• **To do**:
Reproduce the closing run of lines below verbatim, from the line that contains "rewrite /part." up to and including the final line.

• **Stored data**:
(* Consider the family of NSG-compositions $x_1+\cdots+x_{m-1}$ with maximum $5$ whose last maximal part $x_l=5$ (i.e. $x_l=5$ and $x_i<5$ for $i>l$) satisfies $3l\ge m-1$. Its growth-rate is at most $1/\rho$, where $\rho=0.6189\ldots>\omega^{-1}$ is the positive root of $1-I_5I_4^2$, with $I_4=3q^4+4q^5+3q^6+2q^7+q^8$ and $I_5=4q^5+5q^6+4q^7+3q^8+2q^9+q^{10}$. In particular this growth-rate is strictly smaller than $\omega=\frac{1+\sqrt5}2$.
   Context: An NSG-composition is a composition $x_1+\cdots+x_{m-1}$ of positive integers satisfying $x_{s+t}\le x_s+x_t$ and $x_{m-s-t}\le x_{m-s}+x_{m-t}+1$ for all $s,t\ge1$, $s+t<m$ (equivalently, the Kunz vector of a numerical semigroup of multiplicity $m$); its genus is $\sum x_j$. The growth-rate of a family is $\limsup_{g\to\infty}a_g^{1/g}$ with $a_g$ the number of members of genus $g$. *)

From HB Require Import structures.
From mathcomp Require Import all_boot all_order all_algebra.
From mathcomp Require Import all_classical all_reals all_analysis.
Set Implicit Arguments. Unset Strict Implicit. Unset Printing Implicit Defensive.
Import Order.TTheory GRing.Theory Num.Theory.

(* A composition x_1 + ... + x_{m-1} is represented by the list
   s = [:: x_1; ...; x_{m-1}], so m - 1 = size s and x_j = nth 0 s j.-1. *)
Definition part (s : seq nat) (j : nat) : nat := nth 0 s j.-1.

Definition is_NSG_composition (x : seq nat) : Prop :=
  let n := size x in
  (0 < n)%N /\
  (forall j, (1 <= j <= n)%N -> (0 < part x j)%N) /\
  (forall s t, (1 <= s)%N -> (1 <= t)%N -> (s + t <= n)%N ->
     (part x (s + t) <= part x s + part x t)%N /\
     (part x (n.+1 - s - t) <= part x (n.+1 - s) + part x (n.+1 - t) + 1)%N).

Definition genus (x : seq nat) : nat := sumn x.

Definition in_family (x : seq nat) : Prop :=
  is_NSG_composition x /\
  (forall j, (1 <= j <= size x)%N -> (part x j <= 5)%N) /\
  exists l, [/\ (1 <= l <= size x)%N, part x l = 5%N,
     (forall i, (l < i <= size x)%N -> (part x i < 5)%N) &
     (size x <= 3 * l)%N].

(* Every composition of
   genus g has at most g parts, each at most g, so it is enumerated exactly
   once among the k-tuples over 'I_g.+1 with k <= g. *)
Definition a_count (g : nat) : nat :=
  \sum_(k < g.+1)
    #|[set t : k.-tuple 'I_g.+1 |
        `[< in_family (map val t) /\ genus (map val t) = g >] ]|.

Local Open Scope ring_scope.

Definition growth_rate (R : realType) : \bar R :=
  limn_esup (fun g : nat => ((a_count g)%:R `^ (g%:R^-1) : R)%:E).

Definition I4 (R : realType) (q : R) : R :=
  3 * q ^+ 4 + 4 * q ^+ 5 + 3 * q ^+ 6 + 2 * q ^+ 7 + q ^+ 8.

Definition I5 (R : realType) (q : R) : R :=
  4 * q ^+ 5 + 5 * q ^+ 6 + 4 * q ^+ 7 + 3 * q ^+ 8 + 2 * q ^+ 9 + q ^+ 10.

(* Write such a composition x (with k = m - 1 parts) as x = y ++ 5 :: z, where
   5 = x_l is the last part equal to 5.  The inequalities x_l <= x_i + x_{l-i}
   say that y (entries in 1..5, length l - 1) is "5-paired":
   y_i + y_{l-i} >= 5; the inequalities x_l <= x_{m-s} + x_{m-t} + 1 say that
   z (entries in 1..4, length k - l) is "4-paired".  Peeling off the outer pair
   of a paired sequence shows that its generating function sum q^(sum y) grows
   like I_c(q)^(L/2), where I_5 and I_4 are the polynomials of the statement.
   Since 3 l >= k, the length of z is at most about twice that of y, so each
   position l contributes at most a constant times (I_5 I_4^2)^((l-1)/2), which
   is bounded when I_5(q) I_4(q)^2 <= 1 and I_4(q) >= 1.  Summing over l and k gives
   a_g q^g <= C (g + 1)^2 for q = rho, hence limsup a_g^(1/g) <= 1/rho.
   Finally 1/omega < rho because I_5 I_4^2 is increasing and, reducing modulo
   w^2 + w - 1, equals 4080 - 6600 w < 1 at w = 1/omega. *)

From HB Require Import structures.
From mathcomp Require Import all_boot all_order all_algebra.
From mathcomp Require Import all_classical all_reals all_analysis.
From mathcomp Require Import zify ring lra.
Import Order.TTheory GRing.Theory Num.Theory.

(* All sequences of length L with entries in 1..M, listed from the outside in:
   a sequence of length L + 2 is a :: y ++ [:: b] with y of length L. *)
Fixpoint pair_seqs (M L : nat) : seq (seq nat) :=
  match L with
  | 0 => [:: [::]]
  | 1 => [seq [:: a] | a <- iota 1 M]
  | L'.+2 => flatten [seq [seq a :: rcons y b | b <- iota 1 M, y <- pair_seqs M L']
                     | a <- iota 1 M]
  end.

Lemma mem_pair_seqs M y :
  all (fun a => 0 < a <= M) y -> y \in pair_seqs M (size y).
Proof.
move: {2}(size y) (erefl (size y)) => L.
elim/ltn_ind: L y => -[|[|L]] IH y.
- by case: y.
- case: y => [|a [|]] //= _ /andP[aM _]; apply: map_f; rewrite mem_iota; lia.
- case: y => [|a y] //= [sy] /andP[aM].
  case/lastP: y sy => [|y b] //; rewrite size_rcons => -[sy].
  rewrite all_rcons => /andP[bM yM].
  apply/flatten_mapP; exists a; first by rewrite mem_iota; lia.
  apply: allpairs_f; first by rewrite mem_iota; lia.
  by apply: (IH L _ y sy yM); lia.
Qed.

Definition paired (c : nat) (y : seq nat) : bool :=
  all (fun p => c <= p.1 + p.2) (zip y (rev y)).

Lemma pairedP c y :
  reflect (forall i, i < size y -> c <= nth 0 y i + nth 0 y (size y - i.+1))
          (paired c y).
Proof.
apply: (iffP (all_nthP (0, 0))); rewrite size_zip size_rev minnn => H i lti;
  by have := H i lti; rewrite nth_zip ?size_rev //= nth_rev.
Qed.

Lemma paired_wrap c a b y :
  paired c (a :: rcons y b) = (c <= a + b) && paired c y.
Proof.
rewrite /paired rev_cons rev_rcons /= zip_rcons ?size_rev //.
by rewrite all_rcons /= addnC andbA andbb.
Qed.

(* The subadditivity x_l <= x_i + x_{l-i} makes the parts before position l
   x_l-paired. *)
Lemma nsg_prefix_paired x l : is_NSG_composition x -> 1 <= l <= size x ->
  paired (part x l) (take l.-1 x).
Proof.
move=> [_ [_ nsg]] /andP[l_ge1 l_le]; apply/pairedP => i.
rewrite size_takel => [lt_il|]; last lia.
rewrite !nth_take; [|lia|lia].
have [+ _] := nsg i.+1 (l.-1 - i) isT ltac:(lia) ltac:(lia).
have -> : i.+1 + (l.-1 - i) = l by lia.
by rewrite /part /=; have -> : (l.-1 - i).-1 = l.-1 - i.+1 by lia.
Qed.

(* The dual inequality x_l <= x_{m-s} + x_{m-t} + 1 makes the parts after
   position l (x_l - 1)-paired. *)
Lemma nsg_suffix_paired x l : is_NSG_composition x -> 1 <= l <= size x ->
  paired (part x l).-1 (drop l x).
Proof.
move=> [_ [_ nsg]] /andP[l_ge1 l_le]; apply/pairedP => i.
rewrite size_drop => lt_i; rewrite !nth_drop.
have [_ +] := nsg (size x - l - i) i.+1 ltac:(lia) isT ltac:(lia).
have -> : (size x).+1 - (size x - l - i) - i.+1 = l by lia.
rewrite /part.
have -> : ((size x).+1 - (size x - l - i)).-1 = l + i by lia.
have -> : ((size x).+1 - i.+1).-1 = l + (size x - l - i.+1) by lia.
lia.
Qed.

Definition family_candidates (k : nat) : seq (seq nat) :=
  flatten [seq [seq y ++ 5 :: z | y <- [seq u <- pair_seqs 5 l.-1 | paired 5 u],
                                  z <- [seq u <- pair_seqs 4 (k - l) | paired 4 u]]
          | l <- [seq l <- index_iota 1 k.+1 | k <= 3 * l]].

• **Solution for this task**:
rewrite /part.
have -> : ((size x).+1 - (size x - l - i)).-1 = l + i by lia.
have -> : ((size x).+1 - i.+1).-1 = l + (size x - l - i.+1) by lia.
lia.
Qed.

Definition family_candidates (k : nat) : seq (seq nat) :=
  flatten [seq [seq y ++ 5 :: z | y <- [seq u <- pair_seqs 5 l.-1 | paired 5 u],
                                  z <- [seq u <- pair_seqs 4 (k - l) | paired 4 u]]
          | l <- [seq l <- index_iota 1 k.+1 | k <= 3 * l]].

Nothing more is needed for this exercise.